Companies often include three or more groups in their clinical tests: a placebo, the drug under test, and an existing drug. The existing drug serves as a positive control. It tells you whether the new drug works better than existing drugs, but it also increases costs. It also increases the probability of failure, because if the new drug doesn't work significantly better than the existing drug, it's usually abandoned. That's another reason a drug might fail: it does the same thing as something we already have.
Sometimes researchers engage in wishful thinking.
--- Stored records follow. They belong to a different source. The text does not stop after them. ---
(* Let $\Pi$ be a ground HEX-program, let $\hat{\mathbf{A}}$ be a compatible set of $\Pi$, and let $\mathbf{A}$ be the restriction of $\hat{\mathbf{A}}$ to the non-replacement (ordinary) atoms. Suppose the atom dependency graph of $\Pi$ contains no e-cycle under $\rightarrow^{d}$, and the guessing program $\hat{\Pi}$ has no nonempty unfounded set with respect to $\hat{\mathbf{A}}$. Then $\mathbf{A}$ is unfounded-free for $\Pi$, i.e. $\mathbf{A}^{\mathbf{T}}\cap X=\emptyset$ for every unfounded set $X$ of $\Pi$ with respect to $\mathbf{A}$.
   Context: Ground HEX-programs. A ground ordinary atom is $p(c_1,\dots,c_\ell)$ with predicate $p$ and constants $c_i$. A ground external atom is $\&g[\vec p](\vec c)$ with input list $\vec p=p_1,\dots,p_k$ (predicate names or constants) and output list $\vec c$ of constants. A ground HEX-program is a finite set of rules $r$: $a_1\lor\dots\lor a_k\leftarrow b_1,\dots,b_m,\mathrm{not}\,b_{m+1},\dots,\mathrm{not}\,b_n$, where the $a_i$ are ordinary ground atoms and each $b_j$ is an ordinary ground atom or ground external atom; $H(r)=\{a_1,\dots,a_k\}$, $B^+(r)=\{b_1,\dots,b_m\}$, $B^-(r)=\{b_{m+1},\dots,b_n\}$, $B(r)$ is the set of body literals. $A(\Pi)$ is the set of ordinary atoms occurring in $\Pi$. Interpretations. An interpretation $\mathbf{A}$ is a complete consistent set of signed literals $\mathbf{T}a$/$\mathbf{F}a$ over ground atoms; $\mathbf{A}^{\mathbf{T}}=\{a\mid \mathbf{T}a\in\mathbf{A}\}$. $\mathbf{A}\models a$ for ordinary $a$ iff $\mathbf{T}a\in\mathbf{A}$; each external predicate $\&g$ has a Boolean oracle $f_{\&g}(\mathbf{A},\vec p,\vec c)$ whose value depends only on the extensions in $\mathbf{A}$ of the input predicates in $\vec p$ (and on $\vec p,\vec c$), and $\mathbf{A}\models\&g[\vec p](\vec c)$ iff $f_{\&g}(\mathbf{A},\vec p,\vec c)=1$; $\mathbf{A}\models\mathrm{not}\,b$ iff $\mathbf{A}\not\models b$. Unfounded sets. For a program $\Pi$, interpretation $\mathbf{A}$ and a set $X$ of ordinary ground atoms appearing in $\Pi$, let $\mathbf{A}\,\dot\cup\neg.\,X=(\mathbf{A}\setminus\{\mathbf{T}a\mid a\in X\})\cup\{\mathbf{F}a\mid a\in X\}$. $X$ is an unfounded set of $\Pi$ w.r.t. $\mathbf{A}$ iff for every rule $r\in\Pi$ with $H(r)\cap X\neq\emptyset$ at least one holds: (i) some literal of $B(r)$ is false w.r.t. $\mathbf{A}$; (ii) some literal of $B(r)$ is false w.r.t. $\mathbf{A}\,\dot\cup\neg.\,X$; (iii) some atom of $H(r)\setminus X$ is true w.r.t. $\mathbf{A}$. Guessing program and compatible sets. $\hat\Pi$ is obtained from $\Pi$ by replacing each external atom $\&g[\vec p](\vec c)$ by a new ordinary replacement atom $e_{\&g[\vec p]}(\vec c)$ and adding the rule $e_{\&g[\vec p]}(\vec c)\lor ne_{\&g[\vec p]}(\vec c)\leftarrow$. A compatible set of $\Pi$ is an interpretation $\hat{\mathbf{A}}$ that is an answer set (Gelfond–Lifschitz) of $\hat\Pi$ and such that $f_{\&g}(\hat{\mathbf{A}},\vec p,\vec c)=1$ iff $\mathbf{T}e_{\&g[\vec p]}(\vec c)\in\hat{\mathbf{A}}$ for all external atoms $\&g[\vec p](\vec c)$ of $\Pi$. Dependencies. For ground atoms $x,y$: $x\rightarrow y$ iff some rule $r\in\Pi$ has $x\in H(r)$ and $y\in B^+(r)$; $x\rightarrow_e y$ iff some rule $r\in\Pi$ has $x\in H(r)$ and an external atom $\&g[q_1,\dots,q_n](\vec e)\in B^+(r)\cup B^-(r)$ with $q_i$ equal to the predicate of $y$ for some $i$ (edges of the second kind are called e-edges). Let $\rightarrow^d=\rightarrow\cup\leftarrow\cup\rightarrow_e$ where $\leftarrow$ is the inverse of $\rightarrow$. A cycle under a relation $\circ$ is a sequence $c_0,\dots,c_{n+1}$, $n\ge0$, with $(c_i,c_{i+1})\in\circ$ for all $0\le i\le n$ and $c_0=c_{n+1}$; an e-cycle is a cycle under $\rightarrow^d$ with $(c_i,c_{i+1})\in\rightarrow_e$ for some $i$. *)

From Stdlib Require List.
From mathcomp Require Import all_boot.
Set Implicit Arguments. Unset Strict Implicit. Unset Printing Implicit Defensive.

(* Generic ground rules  a_1 v ... v a_k <- b_1,...,b_m, not b_m+1,... *)
Record rule (A L : Type) := mkRule { head : seq A; bpos : seq L; bneg : seq L }.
This may be understandable, since they're only human. (Or their boss, who decides whether they remain employed, may engage in wishful thinking.) For example, one paper once claimed that patients on their drug improved their score on some psychiatric test by 4.6±7.1, while the placebo group improved by only 2.1±6.5. You don't have to be a statistician to know that, even with over 400 patients, this is not a real effect.
(Just in case you are a statistician, let me add that the numbers were means±SE. With 200 patients in each group, this means the P-value was 0.79.)
Academic scientists sometimes make disparaging remarks about the drug companies--that their work is not creative enough, or that it's too commercial--but their comments are also mixed with envy, because a drug is the ultimate culmination, or the ultimate refutation, of all disease-oriented research. As John L. LaMattina of Pfizer said, “Only pharmaceutical R&D discovers, develops, manufactures, tests, and demonstrates the properties of compounds that prove or disprove medical hypotheses.” As potential patients, we need the drug companies, and their products, to succeed.
 Mark Moran, Psychiatric News. http://pn.psychiatryonline.org/content/38/15/25.full
 A. Richard Green, Clinical and Experimental Pharmacology and Physiology Volume 29 Issue 11, Pages 1030 - 1034
 No similarity is meant to be implied between these two.